The instructions above were about the CMSSW-seeded analysis. The ROOT-seeded analysis has an additional step: we have to get the list of users from the GitHub Archive, which is a public dataset in Google BigQuery like the PyPI downloads, above.

Although it would be possible to do an interesting social-network graph analysis with these data (selectively using the GitHub Archive event types), I just dumped usernames of everyone who touched the ROOT repo, with times (which I didn't use).

SELECT type, actor.login, org.login, created_at FROM `githubarchive.year.20*` WHERE repo.name = 'root-project/root';

(Selecting githubarchive.year.20* tables gets all of them because the archive only dates back to 2017. In fact, GitHub itself is entirely 21st century.)

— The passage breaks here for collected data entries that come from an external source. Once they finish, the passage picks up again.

(* (i) For all $\tau\in\mathbb{H}$ with $e^{-2\pi\operatorname{Im}\tau}\le\frac13$, $$|\Delta(\tau)|\ge e^{-2\pi\operatorname{Im}\tau}\Big(1-e^{-2\pi\operatorname{Im}\tau}-e^{-4\pi\operatorname{Im}\tau}-\frac{2e^{-4\pi\operatorname{Im}\tau}}{1-e^{-2\pi\operatorname{Im}\tau}}\Big)^{24}.$$ (ii) For all $\tau\in\mathbb{H}$, $$|\Delta(\tau)|\le e^{-2\pi\operatorname{Im}\tau}\Big(1+2e^{-2\pi\operatorname{Im}\tau}+\frac{2e^{-8\pi\operatorname{Im}\tau}}{1-e^{-4\pi\operatorname{Im}\tau}}\Big)^{24}.$$
   Context: $\mathbb{H}$ is the upper half plane, $q=e^{2\pi i\tau}$, and $\Delta(\tau)=q\prod_{n\ge1}(1-q^n)^{24}$. *)

From Stdlib Require Import Reals.
From Coquelicot Require Import Coquelicot.
Open Scope R_scope.

Definition Cexp (z : C) : C :=
  (exp (Re z) * cos (Im z), exp (Re z) * sin (Im z)).

Definition qpar (tau : C) : C := Cexp (Cmult (0, 2 * PI) tau).

Fixpoint eta_partial (q : C) (N : nat) : C :=
  match N with
  | O => RtoC 1
  | S M => Cmult (eta_partial q M) (Cpow (Cminus (RtoC 1) (Cpow q (S M))) 24)
  end.

Definition Delta_partial (tau : C) (N : nat) : C :=
  Cmult (qpar tau) (eta_partial (qpar tau) N).

Definition is_Delta (tau : C) (D : C) : Prop :=
  filterlim (Delta_partial tau) eventually (locally D).

(* Let q = e^{2 pi i tau} and r = |q| = e^{-2 pi Im tau} < 1.  The partial
   products P_n = prod_{j=1}^{n} (1 - q^j) converge to some eta, because
   |P_{n+1} - P_n| = |P_n| r^{n+1} and |P_n| <= exp (r / (1 - r)); then
   Delta(tau) = q eta^24 and both bounds are bounds on |eta|.
   Lower bound: |P_n| >= 1 - sum_{j>=1} r^j = 1 - r / (1 - r).
   Upper bound: the finite form of Euler's pentagonal number theorem
     sum_{k=0}^{n} (-1)^k q^{nk + k(k+1)/2} prod_{j=k+1}^{n} (1 - q^j)
       = sum_{|m| <= n} (-1)^m q^{m(3m-1)/2},
   proved by telescoping in n, exhibits P_n (the k = 0 term) as a partial
   pentagonal sum up to an error O(r^n).  Hence
   |eta| <= 1 + r + r^2 + 2 sum_{m>=2} r^{2m} <= 1 + 2r + 2r^4 / (1 - r^2). *)

From Stdlib Require Import Reals Lia Lra.
From Coquelicot Require Import Coquelicot.
Open Scope R_scope.

Section PentagonalIdentity.
Local Open Scope C_scope.

Lemma sum_Sn_C (a : nat -> C) (n : nat) : (sum_n a (S n) : C) = sum_n a n + a (S n).
Proof. exact (sum_Sn a n). Qed.

Lemma sum_Sn_l_C (a : nat -> C) (n : nat) :
  (sum_n a (S n) : C) = a 0%nat + sum_n (fun k => a (S k)) n.
Proof. unfold sum_n; rewrite sum_Sn_m, sum_n_m_S by lia; reflexivity. Qed.

Lemma sum_n_alternating_telescope (X Y : nat -> C) (n : nat) :
  Y 0%nat = 0 -> (forall k, (k < n)%nat -> Y (S k) = X k) ->
  (sum_n (fun k => (- 1) ^ k * (Y k + X k)) n : C) = (- 1) ^ n * X n.
Proof.
  intros Y0 YX; induction n as [|n IH].
  - rewrite sum_O, Y0; ring.
  - rewrite sum_Sn_C, IH by (intros; apply YX; lia).
    rewrite YX by lia; simpl; ring.
Qed.

Fixpoint triangular (k : nat) : nat :=
  match k with O => O | S j => (triangular j + S j)%nat end.

Lemma triangular_ge k : (k <= triangular k)%nat.
Proof. induction k; simpl; lia. Qed.

(* qprod q k n = prod_{j=k+1}^{n} (1 - q^j), the empty product when n <= k. *)
Fixpoint qprod (q : C) (k n : nat) : C :=
  match n with
  | O => 1
  | S m => if Nat.leb k m then qprod q k m * (1 - q ^ S m) else 1
  end.

Lemma qprod_diag q n : qprod q n n = 1.
Proof. destruct n as [|n]; cbn [qprod]; [|rewrite (proj2 (Nat.leb_gt (S n) n))]; auto. Qed.

Lemma qprod_S q k n : (k <= n)%nat -> qprod q k (S n) = qprod q k n * (1 - q ^ S n).
Proof. intros Hkn; cbn [qprod]; rewrite (proj2 (Nat.leb_le k n) Hkn); reflexivity. Qed.

Lemma qprod_shift q k n : (k < n)%nat -> qprod q k n = (1 - q ^ S k) * qprod q (S k) n.
Proof.
  induction n as [|n IH]; intros Hkn; [lia|].
  destruct (Nat.eq_dec k n) as [->|Hne].
  - rewrite qprod_S, !qprod_diag by lia; ring.
  - rewrite !qprod_S, IH by lia; ring.
Qed.

Definition euler_term (q : C) (n k : nat) : C :=
  (- 1) ^ k * q ^ (n * k + triangular k) * qprod q k n.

The three Jupyter notebooks, analysis/analysis-1.ipynb, analysis/analysis-2.ipynb, and analysis/analysis-3.ipynb, assume that these source files are in particular directories (prefixed by /home/jpivarski), so you'll need to do some edits. These notebooks create new files used by subsequent notebooks, so the order matters.

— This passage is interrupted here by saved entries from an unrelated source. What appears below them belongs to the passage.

Lemma interior_corner_pos : 0 < (2 * G1 - m11) * (2 * G2 - m22) - m12 * m21.
Proof.
  pose proof interior_m11_bounds; pose proof interior_m22_bounds; pose proof Hr0.
  assert (0 < G1 * G2) by (apply Rmult_lt_0_compat; lra).
  assert (G1 * G2 < (2 * G1 - m11) * (2 * G2 - m22)) by nra.
  assert (Hm21 : 0 < m21 < bY - bK) by (unfold m21; split; nra).
  assert (m12 * m21 <= G1 * G2); [| lra].
  destruct (Rle_or_lt m12 0) as [Hm12 | Hm12]; [nra |].
  assert (m12 <= bX + bK + e * y) by (unfold m12; nra).
  assert ((bX + bK + e * y) * (bY - bK) <= bX * bY + e * y * bY).
  { assert (0 <= bK * (bX - bY)) by (apply Rmult_le_pos; lra).
    assert (0 <= e * y * bK) by (apply Rmult_le_pos; nra).
    nra. }
  assert (e * y * bY <= e * r * bY).
  { apply Rmult_le_compat_r; [lra |]. apply Rmult_le_compat_l; nra. }
  assert (0 <= (bX + e * r) * (bK * x)) by (apply Rmult_le_pos; nra).
  unfold G1, G2 in *; nra.
Qed.

Lemma Cmod_lt_1_interior s t z :
  0 < s * G1 < 1 -> 0 < t * G2 < 1 ->
  is_eigenvalue2 (1 - s * m11) (- (s * m12)) (- (t * m21)) (1 - t * m22) z ->
  Cmod z < 1.
Proof.
  apply Cmod_lt_1_I_sub_diag_mul.
  - exact interior_m11_bounds.
  - exact interior_m22_bounds.
  - exact interior_det_pos.
  - exact interior_det_lt.
  - exact interior_corner_pos.
Qed.

End InteriorJacobianShape.

Lemma phi1_pos bY uY K beta h :
  0 < bY -> 0 < uY -> 0 < K -> 0 < beta -> 0 < h -> 0 < phi1 bY uY K beta h.
Proof.
  intros HbY HuY HK Hbeta Hh; unfold phi1.
  assert (Hrate : 0 < beta * K * uY / bY)
    by (apply Rdiv_lt_0_compat; [apply Rmult_lt_0_compat; [nra |] |]; lra).
  assert (exp (- (beta * K * uY / bY) * h) < 1)
    by (rewrite <- exp_0; apply exp_increasing; nra).
  apply Rdiv_lt_0_compat; [| apply Rmult_lt_0_compat; [nra |]]; nra.
Qed.

Lemma ratio_bounds n m : 0 < n < m -> -1 < n / m < 1.
Proof.
  intros H; split.
  - assert (0 < n / m) by (apply Rdiv_lt_0_compat; lra); lra.
  - apply Rlt_div_l; lra.
Qed.

Lemma div_1_plus_mul_bounds q G : 0 < q -> 0 < G -> 0 < q / (1 + q * G) * G < 1.
Proof.
  intros Hq HG.
  replace (q / (1 + q * G) * G) with (q * G / (1 + q * G)) by (field; nra).
  split; [apply Rdiv_lt_0_compat |]; [nra | nra | apply ratio_bounds; nra].
Qed.

Lemma is_derive_div_ratio (f g : R -> R) t c df dg :
  is_derive f t df -> is_derive g t dg -> g t <> 0 -> f t = c * g t ->
  is_derive (fun x => f x / g x) t ((df - c * dg) / g t).
Proof.
  intros Hf Hg Hg0 Hfg.
  replace ((df - c * dg) / g t) with ((df * g t - f t * dg) / g t ^ 2)
    by (rewrite Hfg; field; exact Hg0).
  exact (is_derive_div f g t df dg Hf Hg Hg0).
Qed.

Section Jacobian.

Variables bX bY uX uY K beta e h : R.
Hypothesis HK : K <> 0.

Let p := phi1 bY uY K beta h.

Definition lossX X Y :=
  bX / K * X + bX / K * Y + uX + beta * Y + e / K * Y + e / K * (Y ^ 2 / X).
Definition lossY X Y := bY / K * X + bY / K * Y + uY.

Lemma J11_fixed X Y :
  X <> 0 -> 1 + p * lossX X Y <> 0 ->
  X * (1 + p * bX) + p * e * Y = X * (1 + p * lossX X Y) ->
  J11 bX bY uX uY K beta e h X Y
  = (1 + p * bX - X * (p * (bX / K - e / K * (Y ^ 2 / X ^ 2)))) / (1 + p * lossX X Y).
Proof.
  intros HX HD Hfix; unfold J11; apply is_derive_unique.
  apply (is_derive_div_ratio (fun x => x * (1 + p * bX) + p * e * Y)
           (fun x => 1 + p * lossX x Y)); [| | exact HD | exact Hfix];
    unfold lossX; auto_derive; try easy; field; auto.
Qed.

Lemma J12_fixed X Y :
  X <> 0 -> 1 + p * lossX X Y <> 0 ->
  X * (1 + p * bX) + p * e * Y = X * (1 + p * lossX X Y) ->
  J12 bX bY uX uY K beta e h X Y
  = (p * e - X * (p * (bX / K + beta + e / K + e / K * (2 * Y / X))))
    / (1 + p * lossX X Y).
Proof.
  intros HX HD Hfix; unfold J12; apply is_derive_unique.
  apply (is_derive_div_ratio (fun y => X * (1 + p * bX) + p * e * y)
           (fun y => 1 + p * lossX X y)); [| | exact HD | exact Hfix];
    unfold lossX; auto_derive; try easy; field; auto.
Qed.

Lemma J21_fixed X Y :
  1 + h * lossY X Y <> 0 ->
  Y * (1 + h * (bY + beta * X)) = Y * (1 + h * lossY X Y) ->
  J21 bX bY uX uY K beta e h X Y
  = (Y * (h * beta) - Y * (h * (bY / K))) / (1 + h * lossY X Y).
Proof.
  intros HD Hfix; unfold J21; apply is_derive_unique.
  apply (is_derive_div_ratio (fun x => Y * (1 + h * (bY + beta * x)))
           (fun x => 1 + h * lossY x Y)); [| | exact HD | exact Hfix];
    unfold lossY; auto_derive; try easy; field; auto.
Qed.

Lemma J22_fixed X Y :
  1 + h * lossY X Y <> 0 ->
  Y * (1 + h * (bY + beta * X)) = Y * (1 + h * lossY X Y) ->
  J22 bX bY uX uY K beta e h X Y
  = (1 + h * (bY + beta * X) - Y * (h * (bY / K))) / (1 + h * lossY X Y).
Proof.
  intros HD Hfix; unfold J22; apply is_derive_unique.
  apply (is_derive_div_ratio (fun y => y * (1 + h * (bY + beta * X)))
           (fun y => 1 + h * lossY X y)); [| | exact HD | exact Hfix];
    unfold lossY; auto_derive; try easy; field; auto.
Qed.

(* On the axis Y = 0 the term Y^2/X vanishes identically (0 / 0 = 0 in Rocq),
   so J11 exists even at X = 0. *)
Lemma J11_axis X :
  1 + p * (bX / K * X + uX) <> 0 ->
  X * (1 + p * bX) = X * (1 + p * (bX / K * X + uX)) ->
  J11 bX bY uX uY K beta e h X 0
  = (1 + p * bX - X * (p * (bX / K))) / (1 + p * (bX / K * X + uX)).
Proof.
  intros HD Hfix; unfold J11; apply is_derive_unique.
  apply (is_derive_ext (fun x => x * (1 + p * bX) / (1 + p * (bX / K * x + uX)))).
  { intro x; unfold F1; cbv zeta; fold p.
    replace (0 ^ 2 / x) with 0 by (unfold Rdiv; ring).
    f_equal; ring. }
  apply (is_derive_div_ratio (fun x => x * (1 + p * bX))
           (fun x => 1 + p * (bX / K * x + uX))); [| | exact HD | exact Hfix];
    auto_derive; try easy; field; auto.
Qed.

Lemma J21_axis X : J21 bX bY uX uY K beta e h X 0 = 0.
Proof.
  unfold J21; rewrite (Derive_ext _ (fun _ => 0)); [apply Derive_const |].
  intro x; unfold F2, Rdiv; ring.
Qed.

End Jacobian.

Section Equilibria.

Variables bX bY uX uY K beta e h : R.
Hypotheses (HbX : 0 < bX) (HbY : 0 < bY) (HuX : 0 < uX) (HuY : 0 < uY)
  (HK : 0 < K) (Hbeta : 0 < beta) (He : 0 < e) (Hh : 0 < h).

Let p := phi1 bY uY K beta h.

Let Hp : 0 < p.
Proof. apply phi1_pos; assumption. Qed.

Let HK0 : K <> 0.
Proof. lra. Qed.

Lemma LAS_E0 : bX < uX -> bY < uY -> LAS bX bY uX uY K beta e h 0 0.
Proof.
  intros HuXbX HuYbY z; unfold jac_eigenvalue.
  pose proof Hp.
  rewrite J21_axis, J11_axis, J22_fixed; fold p; unfold lossY;
    try assumption; try nra.
  apply Cmod_lt_1_triangular; apply ratio_bounds; nra.
Qed.

Section BoundaryEquilibrium.

Hypothesis HuXbX : uX < bX.

Let Xb := Xbar bX uX K.

Let HXb : 0 < Xb.
Proof.
  unfold Xb, Xbar; apply Rmult_lt_0_compat; [lra |].
  assert (uX / bX < 1) by (apply Rlt_div_l; lra); lra.
Qed.

Lemma J11_E1 : J11 bX bY uX uY K beta e h Xb 0 = (1 + p * uX) / (1 + p * bX).
Proof.
  pose proof Hp.
  assert (Hrate : bX / K * Xb + uX = bX) by (unfold Xb, Xbar; field; lra).
  rewrite J11_axis; fold p; rewrite ?Hrate; [| assumption | nra | ring].
  unfold Xb, Xbar; field; nra.
Qed.

(* The sign of R0 - 1 is the sign of the parasite's net growth rate at E1. *)
Lemma E1_parasite_growth :
  1 + h * (bY + beta * Xb)
  = 1 + h * lossY bY uY K Xb 0 + h * uY * (Rnum0 bX bY uX uY K beta - 1).
Proof. unfold Xb, lossY, Rnum0, V0, H0, Xbar; field; lra. Qed.

Let E1_lossY_pos : 0 < lossY bY uY K Xb 0.
Proof.
  unfold lossY; pose proof HXb.
  assert (0 < bY / K) by (apply Rdiv_lt_0_compat; lra); nra.
Qed.

Lemma J22_E1 :
  J22 bX bY uX uY K beta e h Xb 0
  = (1 + h * (bY + beta * Xb)) / (1 + h * lossY bY uY K Xb 0).
Proof.
  pose proof E1_lossY_pos.
  rewrite J22_fixed; [| assumption | nra | ring].
  f_equal; ring.
Qed.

Also, rather early in the first notebook, there's a cut against "fake non-forks." We had selected repos in which GitHub's "fork" boolean was set to false, but still some repos are clearly not the user's own. This isn't a big deal for plots in which each repo counts with a weight of 1, but some of the new plots count each file with a weight of 1, and the fake non-forks have a lot of files in them. At first (see notebook), I thought I could identify them by variance of file ages, thinking that users just copy-pasted all of the files at once, but no: in all cases that I saw, they preserved the git history. The file dates are therefore a broad distribution, but fake non-forks can be distinguished by the committer names, which are not equal to the user who owns the repo.

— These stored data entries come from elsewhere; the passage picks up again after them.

Lemma brS_LCS_subv k l (U : {vspace V}) : (2 <= k)%N -> (2 <= l)%N ->
  (forall i j, (2 <= i <= n - k + 1)%N -> (2 <= j <= n - l + 1)%N ->
     br (e i) (e j) \in U) ->
  (brS br (LCS br k) (LCS br l) <= U)%VS.
Proof.
move=> k_ge2 l_ge2 brU; rewrite !LCS_lcs_span //.
apply: subv_trans (brS_subv lie (subvv _) (subvv _)) _.
apply/span_subvP => _ /allpairsP[[a b] /= [/mapP[i Hi ->] /mapP[j Hj ->] ->]].
by move: Hi Hj; rewrite !mem_iota => Hi Hj; apply: brU; lia.
Qed.

Lemma dim_LCS_ge2 k : (2 <= k)%N -> \dim (LCS br k) = (n - k)%N.
Proof. by move=> k_ge2; rewrite LCS_lcs_span // dim_lcs_span //; lia. Qed.

Lemma dim_brS_LCS_ge2 k l : (2 <= k)%N -> (2 <= l)%N ->
  \dim (brS br (LCS br k) (LCS br l)) = (if (k + l <= 5)%N then 1 else 0)%N.
Proof.
move=> k_ge2 l_ge2; case: ifP => kl_le5; last first.
  apply/eqP; rewrite dimv_eq0 -subv0; apply: brS_LCS_subv => // i j Hi Hj.
  by rewrite br_e_eq0 ?mem0v //; lia.
set a := br (e (n - 2)%N) (e (n - 1)%N).
suff -> : brS br (LCS br k) (LCS br l) = <[a]>%VS by rewrite dim_vline z2_eq.
apply: subv_anti; apply/andP; split.
  apply: brS_LCS_subv => // i j Hi Hj.
  have [le_ij|gt_ij] := leqP (i + j) (2 * n - 4).
    by rewrite br_e_eq0 ?mem0v //; lia.
  have : (i = n - 2 /\ j = n - 1 \/ i = n - 1 /\ j = n - 2 \/ i = j)%N by lia.
  case=> [[-> ->]|[[-> ->]|->]]; first exact: memv_line.
    by rewrite (br_anti lie) memvN memv_line.
  by rewrite (brxx lie) mem0v.
apply/subvP => _ /vlineP[c ->]; apply: memvZ.
have [->|l_ge3] := eqVneq l 2%N.
  by apply: (mem_brS lie); apply: mem_e_LCS; lia.
by rewrite /a (br_anti lie) memvN; apply: (mem_brS lie); apply: mem_e_LCS; lia.
Qed.

Definition hp_coef k l : nat :=
  if k == 1%N then (n - l - 1)%N
  else if l == 1%N then (n - k - 1)%N
  else if (k + l <= 5)%N then 1%N else 0%N.

Lemma dim_brS_LCS k l : (1 <= k)%N -> (1 <= l)%N ->
  \dim (brS br (LCS br k) (LCS br l)) = hp_coef k l.
Proof.
move=> k_ge1 l_ge1; rewrite /hp_coef.
have [->|k_ge2] := eqVneq k 1%N.
  by rewrite (brSC lie) -LCS_succ // dim_LCS_ge2 //; lia.
have [->|l_ge2] := eqVneq l 1%N.
  by rewrite -LCS_succ // dim_LCS_ge2 //; lia.
by apply: dim_brS_LCS_ge2; lia.
Qed.

End AdaptedBasis.

Lemma sum_codim_trunc n (G : nat -> {poly {poly int}}) : (3 <= n)%N ->
  \sum_(2 <= k < n.+1) (n - k - 1)%:R * G k =
  \sum_(2 <= k < n - 1) (n - k - 1)%:R * G k.
Proof.
move=> n_ge3; rewrite (big_cat_nat _ (n := (n - 1)%N)) //=; try lia.
rewrite [X in _ + X]big1_seq ?addr0 // => k; rewrite mem_index_iota => Hk.
have -> : (n - k - 1 = 0)%N by lia.
by rewrite mul0r.
Qed.

Lemma sum_low_degree n : (4 <= n)%N ->
  \sum_(2 <= k < n.+1) \sum_(2 <= l < n.+1)
     (if (k + l <= 5)%N then 1%N else 0%N)%:R * tm k l
  = tm 2 2 + tm 2 3 + tm 3 2 :> {poly {poly int}}.
Proof.
move=> n_ge4.
have high k m : (6 <= k + m)%N -> \sum_(m <= l < n.+1)
    (if (k + l <= 5)%N then 1%N else 0%N)%:R * tm k l = 0 :> {poly {poly int}}.
  move=> km_ge6; apply: big1_seq => l; rewrite mem_index_iota => Hl.
  by case: ifP => [|_]; [lia | rewrite mul0r].
rewrite big_ltn; last by lia.
rewrite big_ltn; last by lia.
rewrite [X in _ + (_ + X)]big1_seq => [|k]; last first.
  by rewrite mem_index_iota => Hk; apply: high; lia.
rewrite big_ltn; last by lia.
rewrite big_ltn; last by lia.
rewrite (high 2%N 4%N) // big_ltn; last by lia.
by rewrite (high 3%N 3%N) // /= !mulr1n !mul1r !addr0.
Qed.

Lemma sum_hp_coef n : (6 <= n)%N ->
  \sum_(1 <= k < n.+1) \sum_(1 <= l < n.+1) (hp_coef n k l)%:R * tm k l
  = HP0 n + tm 2 3 + tm 3 2 + tm 2 2.
Proof.
move=> n_ge6.
have row1 : \sum_(1 <= l < n.+1) (hp_coef n 1 l)%:R * tm 1 l =
    (n - 2)%:R * tm 1 1 + \sum_(2 <= k < n - 1) (n - k - 1)%:R * tm 1 k.
  rewrite big_ltn -?sum_codim_trunc; try lia.
  by rewrite /hp_coef /=; have -> : (n - 1 - 1 = n - 2)%N by lia.
have rows : \sum_(2 <= k < n.+1) \sum_(1 <= l < n.+1) (hp_coef n k l)%:R * tm k l =
    \sum_(2 <= k < n - 1) (n - k - 1)%:R * tm k 1 + (tm 2 2 + tm 2 3 + tm 3 2).
  rewrite -(sum_codim_trunc n) -?(sum_low_degree n) -?big_split; try lia.
  apply: eq_big_nat => k Hk; have /negPf k_ne1 : k != 1%N by lia.
  rewrite big_ltn /hp_coef ?k_ne1 ?eqxx; last by lia.
  congr (_ + _); apply: eq_big_nat => l Hl.
  by have /negPf -> : l != 1%N by lia.
rewrite big_ltn; last by lia.
rewrite row1 rows /HP0.
under [X in _ = _ + X + _ + _ + _]eq_bigr do rewrite mulrDr.
rewrite big_split /=; ring.
Qed.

The GitHub API has a way to get a list of contributors, though it's one request per repo, and it would take a long time to ask for this information for tens of thousands of repos, due to the rate limit. Therefore, I selected only the ones whose "size" is greater than 10000. I don't know what the units are on this size, whether it represents compressed or uncompressed, whether it includes history (though it very likely does), but this cut selects the top 10% or so of repos, which are the only ones I'm worried about anyway. analysis/analysis-1.ipynb uses the output of these files to plot the "fraction of commits self-authored" with a peak below 1%, representing the fake non-forks. The notebook explicitly lists the repos that go into cmssw_repo_exclude and root_repo_exclude, but for completeness, I've also made the GitHub API contributor data downloadable:

User bios word clouds

This is another use of the GitHub API. Starting from the list of user names in usernames.txt, I requested every user's profile.

for x in `cat usernames.txt`; do echo $x; if ! test -f user-profiles/$x.json; then curl -s -u USERNAME:TOKEN  https://api.github.com/users/$x > user-profiles/$x.json ; sleep 0.2; fi; done

This shell script has if ! test -f user-profiles/$x.json; then curl ... in it so that I could stop it and restart it when it got stuck. It consists of thousands of HTTP requests.

I pulled the "bio" field out of each profile, ran a stop-word analysis on it using NLTK,

import nltk.tokenize, nltk.corpus, string, json, glob
stopwords = set(nltk.corpus.stopwords.words("english")).union(set(string.punctuation))
bios = [json.load(open(filename)).get("bio") for filename in glob.glob("user-profiles/*.json")]
bios = [x for x in bios if x is not None and x != ""]
" ".join([x for x in nltk.tokenize.word_tokenize(" ".join(bios).lower()) if x not in stopwords])

and then pasted the resulting text into https://www.jasondavies.com/wordcloud/. I used the Archimedean spiral, √n scale, 5 orientations from -30 to 30 degrees, 250 words, set the font to sans and downloaded an SVG. It is important to pick a boring font like sans, or else the SVG will be unreadable.

That's everything!

As you can see, it would be a lot of effort to reproduce this analysis exactly the way it was done before, but I think it would be more interesting to make improvements, anyway. Some of these steps could be formalized into push-button machinery, but large disk and compute resources would be needed to do that routinely.